Your assignment | Restate, word for word, the lines from the opening line of the data through the line containing "(forall j k, continuous_Rd (H j k)).", both included, and nothing else.

Extracted entries |
::::

(* Let $\Phi\in\mathcal{C}^2(\mathbb{R}^d)$, let $x_0,x_1\in\mathbb{R}^d$ and $R:=\max\{|x_0|,|x_1|\}>0$. Let $C:=\sup_{|x|\le 9R}|D^2\Phi(x)|$ and $C_{\rho}:=\max_{|x|\le\rho}|\nabla\Phi(x)|$. Let $t_1>0$ satisfy \[Ct_1^2e^{Ct_1^2}\le\tfrac14,\qquad t_1\le\frac{\sqrt R}{\sqrt{2C_{2R}}},\qquad t_1\le\frac{2\sqrt R}{\sqrt{C_{9R}}}\] (a bound with zero denominator being void). Then for every $0<t\le t_1$ there exists $v_0\in\mathbb{R}^d$ with $|v_0|\le4R$ such that $X_t(x_0,v_0/t)=x_1$.
   Context: $(X_t(x,v),V_t(x,v))$ denotes the solution at time $t$ of the ODE system $\dot x=v$, $\dot v=-\nabla\Phi(x)$ with initial data $(x,v)$; $D^2\Phi$ is the Hessian of $\Phi$ and $|\cdot|$ its operator norm. *)

From Stdlib Require Import Reals.
From mathcomp Require Import ssreflect ssrbool eqtype ssrnat fintype bigop.
Set Implicit Arguments.
Unset Strict Implicit.
Open Scope R_scope.

Definition vec (d : nat) := 'I_d -> R.

Definition vnorm (d : nat) (x : vec d) : R :=
  sqrt (\big[Rplus/0]_(i < d) (x i * x i)).

Definition shift (d : nat) (x : vec d) (j : 'I_d) (h : R) : vec d :=
  fun i => if i == j then x i + h else x i.

Definition has_partial (d : nat) (f : vec d -> R) (x : vec d) (j : 'I_d) (l : R) : Prop :=
  derivable_pt_lim (fun h => f (shift x j h)) 0 l.

Definition continuous_Rd (d : nat) (f : vec d -> R) : Prop :=
  forall x eps, 0 < eps -> exists delta, 0 < delta /\
    forall y, vnorm (fun i => y i - x i) < delta -> Rabs (f y - f x) < eps.

Definition C2_with (d : nat) (Phi : vec d -> R) (g : 'I_d -> vec d -> R)
  (H : 'I_d -> 'I_d -> vec d -> R) : Prop :=
  continuous_Rd Phi /\
  (forall x j, has_partial Phi x j (g j x)) /\
  (forall j, continuous_Rd (g j)) /\
  (forall x j k, has_partial (g j) x k (H j k x)) /\
  (forall j k, continuous_Rd (H j k)).

Definition mxapp (d : nat) (A : 'I_d -> 'I_d -> R) (u : vec d) : vec d :=
  fun j => \big[Rplus/0]_(k < d) (A j k * u k).

Definition is_opnorm (d : nat) (A : 'I_d -> 'I_d -> R) (c : R) : Prop :=
  is_lub (fun r => exists u : vec d, vnorm u <= 1 /\ r = vnorm (mxapp A u)) c.

Definition solves_on (d : nat) (g : 'I_d -> vec d -> R) (T : R)
  (xs vs : R -> vec d) (x0 w0 : vec d) : Prop :=
  (forall i, xs 0 i = x0 i) /\ (forall i, vs 0 i = w0 i) /\
  forall s, 0 <= s <= T -> forall i,
    derivable_pt_lim (fun r => xs r i) s (vs s i) /\
    derivable_pt_lim (fun r => vs r i) s (- g i (xs s)).

From HB Require Import structures.
From Coquelicot Require Import Coquelicot.
From Stdlib Require Import Reals Lra FunctionalExtensionality.
From mathcomp Require Import ssreflect ssrfun ssrbool eqtype ssrnat seq fintype bigop.
Set Implicit Arguments.
Unset Strict Implicit.
Open Scope R_scope.

(* Let rad = max(|x0|, |x1|).  We look for the trajectory as a solution of the
   two-point boundary value problem x(0) = x0, x(t) = x1 instead of shooting
   directly: such a solution is a fixed point of the integral operator
     (P X)(s) = x0 + s/t (x1 - x0) + int_0^t G(s, r) grad Phi(X r) dr,
   G being the Green function of - d^2/ds^2 on [0, t].  On the ball of radius
   2 rad, a bound C on the Hessian makes grad Phi C-Lipschitz (mean value
   inequality), and the smallness of t makes P map curves of that ball into
   themselves and contract the sup distance by 1/8.  The Picard iterates
   from the straight line x0 -> x1 therefore converge uniformly to a fixed
   point, which is a C^2 solution; its initial velocity is v0/t with
   |v0| <= |x1 - x0| + t^2 sup |grad Phi| <= 4 rad. *)


HB.instance Definition _ := Monoid.isComLaw.Build R 0 Rplus
  (fun x y z => esym (Rplus_assoc x y z)) Rplus_comm Rplus_0_l.
HB.instance Definition _ := Monoid.isMulLaw.Build R 0 Rmult Rmult_0_l Rmult_0_r.
HB.instance Definition _ :=
  Monoid.isAddLaw.Build R Rmult Rplus Rmult_plus_distr_r Rmult_plus_distr_l.

Notation "\sum_ ( i < n ) F" := (\big[Rplus/0]_(i < n) F%R) : R_scope.

Lemma sum_opp n (F : 'I_n -> R) : \sum_(i < n) - F i = - \sum_(i < n) F i.
Proof. by rewrite (big_morph Ropp Ropp_plus_distr Ropp_0). Qed.

Lemma sum_le (I : finType) (P : pred I) (F G : I -> R) :
  (forall i, F i <= G i) ->
  \big[Rplus/0]_(i | P i) F i <= \big[Rplus/0]_(i | P i) G i.
Proof.
move=> hFG; apply: (big_ind2 Rle); [exact: Rle_refl | | by move=> i _].
by move=> *; apply: Rplus_le_compat.
Qed.

Lemma sum_ge0 (I : finType) (P : pred I) (F : I -> R) :
  (forall i, 0 <= F i) -> 0 <= \big[Rplus/0]_(i | P i) F i.
Proof.
move=> hF; apply: (big_ind (fun x => 0 <= x)); [exact: Rle_refl | | by move=> i _].
by move=> *; apply: Rplus_le_le_0_compat.
Qed.

Lemma sum_const n (c : R) : \sum_(i < n) c = INR n * c.
Proof. elim: n => [|n IH]; rewrite ?big_ord0 ?big_ord_recr ?IH ?S_INR /=; ring. Qed.

Lemma sum_abs n (F : 'I_n -> R) :
  Rabs (\sum_(i < n) F i) <= \sum_(i < n) Rabs (F i).
Proof.
apply: (big_ind2 (fun x y => Rabs x <= y)); last by move=> i _; apply: Rle_refl.
- by rewrite Rabs_R0; apply: Rle_refl.
- by move=> x1 y1 x2 y2 h1 h2; apply: (Rle_trans _ _ _ (Rabs_triang _ _)); lra.
Qed.

Lemma term_le_sum n (F : 'I_n -> R) k : (forall i, 0 <= F i) -> F k <= \sum_(i < n) F i.
Proof.
move=> hF; rewrite (bigD1 k) //= -[X in X <= _]Rplus_0_r.
by apply: Rplus_le_compat_l; apply: sum_ge0.
Qed.

Lemma telescope (a : nat -> R) n : \sum_(i < n) (a i.+1 - a i) = a n - a O.
Proof. elim: n => [|n IH]; rewrite ?big_ord0 ?big_ord_recr ?IH /=; ring. Qed.

Lemma finite_delta n (P : 'I_n -> R -> Prop) :
  (forall k a b, 0 < b <= a -> P k a -> P k b) ->
  (forall k, exists a, 0 < a /\ P k a) -> exists a, 0 < a /\ forall k, P k a.
Proof.
move=> Hmono Hex.
have [a [ha Ha]] : exists a, 0 < a /\ forall k : 'I_n, k \in enum 'I_n -> P k a.
  elim: (enum 'I_n) => [|k s [a [ha Ha]]]; first by exists 1; split=> [|k]; [lra | rewrite in_nil].
  have [b [hb Hb]] := Hex k.
  exists (Rmin a b); split; first exact: Rmin_glb_lt.
  move=> i; rewrite inE => /orP [/eqP -> | hi].
  - by apply: (Hmono _ b) => //; split; [exact: Rmin_glb_lt | exact: Rmin_r].
  - by apply: (Hmono _ a); [split; [exact: Rmin_glb_lt | exact: Rmin_l] | exact: Ha].
by exists a; split => // k; apply: Ha; rewrite mem_enum.
Qed.

Definition dot d (u v : vec d) : R := \sum_(i < d) (u i * v i).

Lemma dot_comm d (u v : vec d) : dot u v = dot v u.
Proof. by apply: eq_bigr => i _; ring. Qed.

Lemma dot_self_ge0 d (u : vec d) : 0 <= dot u u.
Proof. by apply: sum_ge0 => i; apply: Rle_0_sqr. Qed.

Lemma vnorm_ge0 d (u : vec d) : 0 <= vnorm u.
Proof. exact: sqrt_pos. Qed.

Lemma vnorm_sq d (u : vec d) : vnorm u * vnorm u = dot u u.
Proof. by rewrite /vnorm sqrt_sqrt //; apply: dot_self_ge0. Qed.

Lemma vnorm_ext d (u v : vec d) : (forall i, u i = v i) -> vnorm u = vnorm v.
Proof. by move=> h; rewrite (functional_extensionality u v h). Qed.
Arguments vnorm_ext {d} u v.

Lemma vnorm_le_sq d (u : vec d) B : 0 <= B -> dot u u <= B * B -> vnorm u <= B.
Proof. by move=> hB h; rewrite /vnorm -(sqrt_square B) //; apply: sqrt_le_1_alt. Qed.

Lemma vnorm_zero d : vnorm (fun _ : 'I_d => 0) = 0.
Proof. by rewrite /vnorm big1 ?sqrt_0 // => i _; ring. Qed.

Lemma comp_le_vnorm d (u : vec d) k : Rabs (u k) <= vnorm u.
Proof.
rewrite /vnorm -sqrt_Rsqr_abs; apply: sqrt_le_1_alt.
by rewrite /Rsqr; apply: (@term_le_sum _ (fun i => u i * u i)) => i; apply: Rle_0_sqr.
Qed.

Lemma vnorm_eq0_comp d (u : vec d) k : vnorm u = 0 -> u k = 0.
Proof. move=> h; have := comp_le_vnorm u k; rewrite h; split_Rabs; lra. Qed.

Lemma dot_vnorm0 d (u v : vec d) : vnorm u = 0 -> dot u v = 0.
Proof. by move=> h; rewrite /dot big1 // => i _; rewrite (vnorm_eq0_comp i h); ring. Qed.

Lemma cauchy_schwarz d (u v : vec d) : dot u v <= vnorm u * vnorm v.
Proof.
set a := vnorm u; set b := vnorm v.
have [ha hb] : 0 <= a /\ 0 <= b by split; apply: vnorm_ge0.
have [a0|a0] := Req_dec a 0; first by rewrite dot_vnorm0 //; nra.
have [b0|b0] := Req_dec b 0; first by rewrite dot_comm dot_vnorm0 //; nra.
have key := dot_self_ge0 (fun i => b * u i - a * v i).
have expand : dot (fun i => b * u i - a * v i) (fun i => b * u i - a * v i) =
              b * b * dot u u + a * a * dot v v - 2 * (a * b) * dot u v.
  rewrite /dot /Rminus !big_distrr -sum_opp /= -!big_split.
  by apply: eq_bigr => i _; simpl; ring.
rewrite expand -(vnorm_sq u) -(vnorm_sq v) -/a -/b in key.
have hab : 0 < a * b by nra.
nra.
Qed.

Lemma vnorm_triang d (u v : vec d) :
  vnorm (fun i => u i + v i) <= vnorm u + vnorm v.
Proof.
apply: vnorm_le_sq; first by have := vnorm_ge0 u; have := vnorm_ge0 v; lra.
have -> : dot (fun i => u i + v i) (fun i => u i + v i) =
          dot u u + 2 * dot u v + dot v v.
  by rewrite /dot big_distrr /= -!big_split; apply: eq_bigr => i _; simpl; ring.
rewrite -(vnorm_sq u) -(vnorm_sq v); have := cauchy_schwarz u v; nra.
Qed.

Lemma vnorm_scal d (c : R) (u : vec d) : vnorm (fun i => c * u i) = Rabs c * vnorm u.
Proof.
rewrite /vnorm (_ : \sum_(i < d) _ = (c * c) * dot u u); last first.
  by rewrite /dot big_distrr; apply: eq_bigr => i _; simpl; ring.
rewrite sqrt_mult; [| exact: Rle_0_sqr | exact: dot_self_ge0].
by rewrite -sqrt_Rsqr_abs.
Qed.

Lemma vnorm_sub_sym d (u v : vec d) :
  vnorm (fun i => u i - v i) = vnorm (fun i => v i - u i).
Proof.
rewrite (vnorm_ext (fun i => u i - v i) (fun i => (-1) * (v i - u i))) => [|i]; last ring.
by rewrite vnorm_scal Rabs_Ropp Rabs_R1 Rmult_1_l.
Qed.

Lemma vnorm_triang_sub d (u v w : vec d) :
  vnorm (fun i => u i - w i) <= vnorm (fun i => u i - v i) + vnorm (fun i => v i - w i).
Proof.
rewrite (vnorm_ext (fun i => u i - w i) (fun i => (u i - v i) + (v i - w i))) => [|i]; last ring.
exact: vnorm_triang.
Qed.

Lemma vnorm_sub_le d (u v : vec d) : vnorm (fun i => u i - v i) <= vnorm u + vnorm v.
Proof.
have := vnorm_triang_sub u (fun _ => 0) v.
rewrite (vnorm_ext (fun i => u i - 0) u) => [|i]; last ring.
rewrite (vnorm_ext (fun i => 0 - v i) (fun i => (-1) * v i)) => [|i]; last ring.
by rewrite vnorm_scal Rabs_Ropp Rabs_R1 Rmult_1_l.
Qed.

Lemma vnorm_sub_self d (u : vec d) : vnorm (fun i => u i - u i) = 0.
Proof. by rewrite (vnorm_ext _ (fun _ => 0)) ?vnorm_zero // => i; ring. Qed.

Lemma vnorm_le_comp d (u v : vec d) :
  (forall i, Rabs (u i) <= Rabs (v i)) -> vnorm u <= vnorm v.
Proof.
move=> h; apply: sqrt_le_1_alt; apply: sum_le => i.
have := h i; have := Rabs_pos (u i).
by have := Rsqr_abs (u i); have := Rsqr_abs (v i); rewrite /Rsqr; simpl; nra.
Qed.

Lemma ball_convex d (x y : vec d) c rho : 0 <= c <= 1 ->
  vnorm x <= rho -> vnorm y <= rho -> vnorm (fun i => y i + c * (x i - y i)) <= rho.
Proof.
move=> hc hx hy.
rewrite (vnorm_ext _ (fun i => (1 - c) * y i + c * x i)) => [|i]; last ring.
apply: (Rle_trans _ _ _ (vnorm_triang _ _)).
rewrite !vnorm_scal !Rabs_pos_eq; nra.
Qed.
(* Let $G=(V,E)$ be a graph, let $\mathcal{M}$ be a nontrivial, unbounded graph matroid family with dimensionality $d$, and let $k\ge2$ be an integer. If $\mathcal{M}(G)$ is vertically $k$-connected, then the minimum degree of $G$ is at least $k+d-1$. In particular, $|V|\ge k+d$.
   Context: All graphs are finite and simple and have no isolated vertices. A graph matroid family $\mathcal{M}$ assigns to every graph $G$ a matroid $\mathcal{M}(G)$ on $E(G)$ such that (i) every graph isomorphism $V(G)\to V(H)$ induces an isomorphism $\mathcal{M}(G)\to\mathcal{M}(H)$, and (ii) for every subgraph $H$ of $G$, $\mathcal{M}(H)$ is the restriction of $\mathcal{M}(G)$ to $E(H)$. $r(G)$ is the rank of $\mathcal{M}(G)$. $\mathcal{M}$ is nontrivial if some graph $G$ has $r(G)<|E(G)|$, unbounded if $r(K_n)$ is unbounded. An $\mathcal{M}$-circuit is a graph $C$ with $r(C)<|E(C)|$ and $r(C-e)=|E(C)|-1$ for all edges $e$; the dimensionality $d$ is the minimum over $\mathcal{M}$-circuits of (minimum degree $-1$). For a matroid with rank function $r$ on ground set $E$ and positive integer $k$, a bipartition $(E_1,E_2)$ of $E$ is a vertical $k$-separation if $r(E_1),r(E_2)\ge k$ and $r(E_1)+r(E_2)\le r(E)+k-1$; the matroid is vertically $k$-connected if its rank is at least $k$ and it has no vertical $k'$-separation for any positive integer $k'<k$. *)

From mathcomp Require Import all_boot all_order.
From mathcomp Require Import finmap.
Set Implicit Arguments. Unset Strict Implicit. Unset Printing Implicit Defensive.
Local Open Scope fset_scope.

(* A graph (finite, simple, no isolated vertices) is given by its edge set:
   a finite set of 2-element subsets of nat. Its vertex set is the union
   of its edges. *)
Definition edge := {fset nat}.
Definition graph := {fset edge}.

Definition is_graph (G : graph) : Prop := forall e, e \in G -> #|` e| = 2.

Definition verts (G : graph) : {fset nat} := \bigcup_(e <- G) e.

Definition deg (G : graph) (v : nat) : nat := #|` [fset e in G | v \in e]|.

Definition gimg (f : nat -> nat) (X : graph) : graph :=
  (fun e : edge => f @` e) @` X.

Definition Kn (n : nat) : graph :=
  (fun p : nat * nat => [fset p.1; p.2]) @` [fset p | p in [seq p <- allpairs pair (iota 0 n) (iota 0 n) | p.1 < p.2]].

Definition matroid_rank (E : graph) (r : graph -> nat) : Prop :=
  [/\ (forall X, X `<=` E -> r X <= #|` X|),
      (forall X Y, X `<=` Y -> Y `<=` E -> r X <= r Y) &
      (forall X Y, X `<=` E -> Y `<=` E -> r (X `|` Y) + r (X `&` Y) <= r X + r Y)].

(* A graph matroid family: M G is the rank function of the matroid M(G) on E(G). *)
Definition graph_matroid_family (M : graph -> graph -> nat) : Prop :=
  [/\ (forall G, is_graph G -> matroid_rank G (M G)),
      (* (i) isomorphism invariance: a bijection V(G) -> V(H) preserving edges,
         H being the image graph *)
      (forall G (f : nat -> nat), is_graph G -> {in verts G &, injective f} ->
         forall X, X `<=` G -> M (gimg f G) (gimg f X) = M G X) &
      (forall G H, is_graph G -> H `<=` G ->
         forall X, X `<=` H -> M H X = M G X)].

Definition grank (M : graph -> graph -> nat) (G : graph) : nat := M G G.

Definition nontrivial (M : graph -> graph -> nat) : Prop :=
  exists G, is_graph G /\ grank M G < #|` G|.

Definition unbounded (M : graph -> graph -> nat) : Prop :=
  forall b, exists n, b < grank M (Kn n).

Definition is_circuit (M : graph -> graph -> nat) (C : graph) : Prop :=
  [/\ is_graph C, grank M C < #|` C| &
      forall e, e \in C -> grank M (C `\ e) = (#|` C|).-1].

Definition mindeg_ge (G : graph) (m : nat) : Prop :=
  forall v, v \in verts G -> m <= deg G v.

Definition mindeg_eq (G : graph) (m : nat) : Prop :=
  mindeg_ge G m /\ exists2 v, v \in verts G & deg G v = m.

Definition dimensionality (M : graph -> graph -> nat) (d : nat) : Prop :=
  (exists C, is_circuit M C /\ mindeg_eq C d.+1) /\
  (forall C m, is_circuit M C -> mindeg_eq C m -> d.+1 <= m).

Definition vert_sep (E : graph) (r : graph -> nat) (k : nat) (E1 E2 : graph) : Prop :=
  [/\ E1 `|` E2 = E, E1 `&` E2 = fset0, k <= r E1, k <= r E2 &
      r E1 + r E2 <= r E + k - 1].

Definition vert_connected (E : graph) (r : graph -> nat) (k : nat) : Prop :=
  k <= r E /\ forall k' E1 E2, 0 < k' < k -> ~ vert_sep E r k' E1 E2.

From mathcomp Require Import all_boot all_order.
From mathcomp Require Import finmap.
From mathcomp Require Import zify.
Set Implicit Arguments. Unset Strict Implicit. Unset Printing Implicit Defensive.
Local Open Scope fset_scope.

(* Let v have minimum degree D and let S be its star.  Every circuit has minimum degree at
   least d + 1, so an edge at a vertex of degree at most d is a coloop; hence deleting S costs
   at least min(D, d) in rank, while r(S) <= D; and when d >= 2, an edge at a neighbour of v
   that avoids v is not spanned by S.  If D < k + d - 1, the pair (S, E - S) is then a vertical
   k'-separation with k' < k.  Finally d >= 1: a circuit with a pendant edge uw, relabelled so
   that uw becomes any new edge of K_(n+1), shows that K_n spans K_(n+1) for large n, which
   would bound the rank of all complete graphs. *)

Definition spans (r : graph -> nat) (A : graph) (g : edge) : Prop := r (g |` A) = r A.

Definition circuit (r : graph -> nat) (C : graph) : Prop :=
  r C < #|` C| /\ forall f, f \in C -> r (C `\ f) = (#|` C|).-1.

Section MatroidRank.

Variables (E : graph) (r : graph -> nat).
Hypothesis hr : matroid_rank E r.

Lemma rank_le_card X : X `<=` E -> r X <= #|` X|.
Proof. by case: hr => h _ _; apply: h. Qed.

Lemma rank_mono X Y : X `<=` Y -> Y `<=` E -> r X <= r Y.
Proof. by case: hr => _ h _; apply: h. Qed.

Lemma rank_submod X Y : X `<=` E -> Y `<=` E ->
  r (X `|` Y) + r (X `&` Y) <= r X + r Y.
Proof. by case: hr => _ _ h; apply: h. Qed.

Lemma rank_fsetU_le X Y : X `<=` E -> Y `<=` E -> r (X `|` Y) <= r X + r Y.
Proof. by move=> XE YE; apply: leq_trans (rank_submod XE YE); apply: leq_addr. Qed.

Lemma rank_fset1U_le X g : X `<=` E -> g \in E -> r (g |` X) <= (r X).+1.
Proof.
move=> XE gE; have gE' : [fset g] `<=` E by rewrite fsub1set.
rewrite -add1n; apply: leq_trans (rank_fsetU_le gE' XE) _.
by rewrite leq_add2r -(cardfs1 g); apply: rank_le_card.
Qed.

Lemma spans_mem A g : g \in A -> spans r A g.
Proof. by move=> gA; rewrite /spans mem_fset1U. Qed.

Lemma spansS A B g : A `<=` B -> B `<=` E -> g \in E -> spans r A g -> spans r B g.
Proof.
move=> AB BE gE hA; have AE := fsubset_trans AB BE.
have gAE : g |` A `<=` E by rewrite fsubUset fsub1set gE.
have gBE : g |` B `<=` E by rewrite fsubUset fsub1set gE.
have := rank_submod BE gAE.
rewrite fsetUCA (fsetUidPl _ _ AB).
have : r A <= r (B `&` (g |` A)).
  by apply: rank_mono; rewrite ?fsubsetI ?AB ?fsubsetU1 // fsubIset // BE.
have : r B <= r (g |` B) by apply: rank_mono; rewrite ?fsubsetU1.
rewrite /spans in hA *; lia.
Qed.

Lemma rank_fsetU_spans A Y : A `<=` E -> Y `<=` E -> {in Y, forall g, spans r A g} ->
  r (A `|` Y) = r A.
Proof.
move=> AE; elim/fset1U_rect: Y => [|g Y _ IH]; first by rewrite fsetU0.
rewrite fsubUset fsub1set => /andP[gE YE] hY.
have AYE : A `|` Y `<=` E by rewrite fsubUset AE.
rewrite fsetUCA -[RHS](IH YE); last by move=> h hY'; apply: hY; rewrite fset1Ur.
by apply: spansS (fsubsetUl A Y) AYE gE _; apply: hY; rewrite fset1U1.
Qed.

(* Peeling off the coloops one at a time loses one unit of rank each time, by submodularity. *)
Lemma card_le_rank_coloops S : S `<=` E -> {in S, forall f, r (S `\ f) < r S} ->
  #|` S| <= r S.
Proof.
move=> SE hS.
suff: forall T, T `<=` S -> r (S `\` T) + #|` T| <= r S.
  by move/(_ S (fsubset_refl _)); rewrite fsetDv; lia.
elim/fset1U_rect => [|g T gT IH]; first by rewrite fsetD0 cardfs0 addn0.
rewrite fsubUset fsub1set => /andP[gS /IH hT].
have := rank_submod (fsubset_trans (fsubsetDl S T) SE) (fsubset_trans (fsubD1set S g) SE).
have -> : (S `\` T) `|` (S `\ g) = S.
  apply/fsetP => z; rewrite !inE; case: (z =P g) => [->|_]; rewrite ?gT ?gS //=.
  by case: (z \in S); rewrite ?andbT ?andbF ?orbT.
have -> : (S `\` T) `&` (S `\ g) = S `\` (g |` T).
  by apply/fsetP => z; rewrite !inE; case: (z == g); case: (z \in T); case: (z \in S).
rewrite cardfsU1 gT.
have := hS g gS; lia.
Qed.

Lemma circuit_spans C f : C `<=` E -> circuit r C -> f \in C -> spans r (C `\ f) f.
Proof.
move=> CE [hC hCf] fC; rewrite /spans fsetD1K //.
apply/eqP; rewrite eqn_leq (rank_mono (fsubD1set C f) CE) andbT hCf //.
by rewrite -ltnS (ltn_predK hC).
Qed.

(* Strong induction on [#|` X|]: either some [f != e] can be deleted from [X] while keeping [e]
   a non-coloop, or [X] itself is a circuit. *)
Lemma circuit_of_not_coloop X e : X `<=` E -> e \in X -> r X <= r (X `\ e) ->
  exists C, [/\ C `<=` X, e \in C & circuit r C].
Proof.
elim: {X}#|` X|.+1 {-2}X (ltnSn #|` X|) => // n IH X Xn XE eX hX.
have [/hasP[f fX /andP[fe hf]] | /hasPn noF] :=
  boolP (has (fun f => (f != e) && (r (X `\ f) <= r (X `\ f `\ e))) X).
  have [||||C [CX eC hC]] := IH (X `\ f).
  - by move: Xn; rewrite (cardfsD1 f X) fX.
  - exact: fsubset_trans (fsubD1set X f) XE.
  - by rewrite !inE eq_sym fe.
  - exact: hf.
  by exists C; split => //; apply: fsubset_trans CX (fsubD1set X f).
set S := X `\ e.
have SE : S `<=` E := fsubset_trans (fsubD1set X e) XE.
have cardX : #|` X| = #|` S|.+1 by rewrite (cardfsD1 e X) eX.
have XfeE f : X `\ f `\ e = S `\ f by rewrite !fsetDDl fsetUC.
have coloopS : {in S, forall f, r (S `\ f) < r S}.
  move=> f; rewrite in_fsetD1 => /andP[fe fX]; move: (noF f fX); rewrite fe XfeE -ltnNge => hf.
  rewrite ltnNge; apply/negP => hSf; move: hf; rewrite ltnNge; apply/negP/negPn.
  apply: leq_trans (leq_trans hX hSf).
  by apply: rank_mono; rewrite ?fsubD1set.
have rS : r S = #|` S| by apply/eqP; rewrite eqn_leq rank_le_card // card_le_rank_coloops.
exists X; split => //; split=> [|f fX]; first by rewrite cardX -rS ltnS.
rewrite cardX /=; case: (f =P e) => [-> // | /eqP fe].
have fS : f \in S by rewrite in_fsetD1 fe.
have := rank_fset1U_le (fsubset_trans (fsubD1set S f) SE) (fsubsetP SE f fS).
have := rank_le_card (fsubset_trans (fsubD1set X f) XE).
have := cardfsD1 f X; rewrite fX cardX.
have := noF f fX; rewrite fe XfeE (fsetD1K fS) /= -ltnNge.
rewrite rS; move: (r (S `\ f)) (r (X `\ f)) (#|` S|) (#|` X `\ f|) => a b c m; lia.
Qed.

::::

Written response |
(* Let $\Phi\in\mathcal{C}^2(\mathbb{R}^d)$, let $x_0,x_1\in\mathbb{R}^d$ and $R:=\max\{|x_0|,|x_1|\}>0$. Let $C:=\sup_{|x|\le 9R}|D^2\Phi(x)|$ and $C_{\rho}:=\max_{|x|\le\rho}|\nabla\Phi(x)|$. Let $t_1>0$ satisfy \[Ct_1^2e^{Ct_1^2}\le\tfrac14,\qquad t_1\le\frac{\sqrt R}{\sqrt{2C_{2R}}},\qquad t_1\le\frac{2\sqrt R}{\sqrt{C_{9R}}}\] (a bound with zero denominator being void). Then for every $0<t\le t_1$ there exists $v_0\in\mathbb{R}^d$ with $|v_0|\le4R$ such that $X_t(x_0,v_0/t)=x_1$.
   Context: $(X_t(x,v),V_t(x,v))$ denotes the solution at time $t$ of the ODE system $\dot x=v$, $\dot v=-\nabla\Phi(x)$ with initial data $(x,v)$; $D^2\Phi$ is the Hessian of $\Phi$ and $|\cdot|$ its operator norm. *)

From Stdlib Require Import Reals.
From mathcomp Require Import ssreflect ssrbool eqtype ssrnat fintype bigop.
Set Implicit Arguments.
Unset Strict Implicit.
Open Scope R_scope.

Definition vec (d : nat) := 'I_d -> R.

Definition vnorm (d : nat) (x : vec d) : R :=
  sqrt (\big[Rplus/0]_(i < d) (x i * x i)).

Definition shift (d : nat) (x : vec d) (j : 'I_d) (h : R) : vec d :=
  fun i => if i == j then x i + h else x i.

Definition has_partial (d : nat) (f : vec d -> R) (x : vec d) (j : 'I_d) (l : R) : Prop :=
  derivable_pt_lim (fun h => f (shift x j h)) 0 l.

Definition continuous_Rd (d : nat) (f : vec d -> R) : Prop :=
  forall x eps, 0 < eps -> exists delta, 0 < delta /\
    forall y, vnorm (fun i => y i - x i) < delta -> Rabs (f y - f x) < eps.

Definition C2_with (d : nat) (Phi : vec d -> R) (g : 'I_d -> vec d -> R)
  (H : 'I_d -> 'I_d -> vec d -> R) : Prop :=
  continuous_Rd Phi /\
  (forall x j, has_partial Phi x j (g j x)) /\
  (forall j, continuous_Rd (g j)) /\
  (forall x j k, has_partial (g j) x k (H j k x)) /\
  (forall j k, continuous_Rd (H j k)).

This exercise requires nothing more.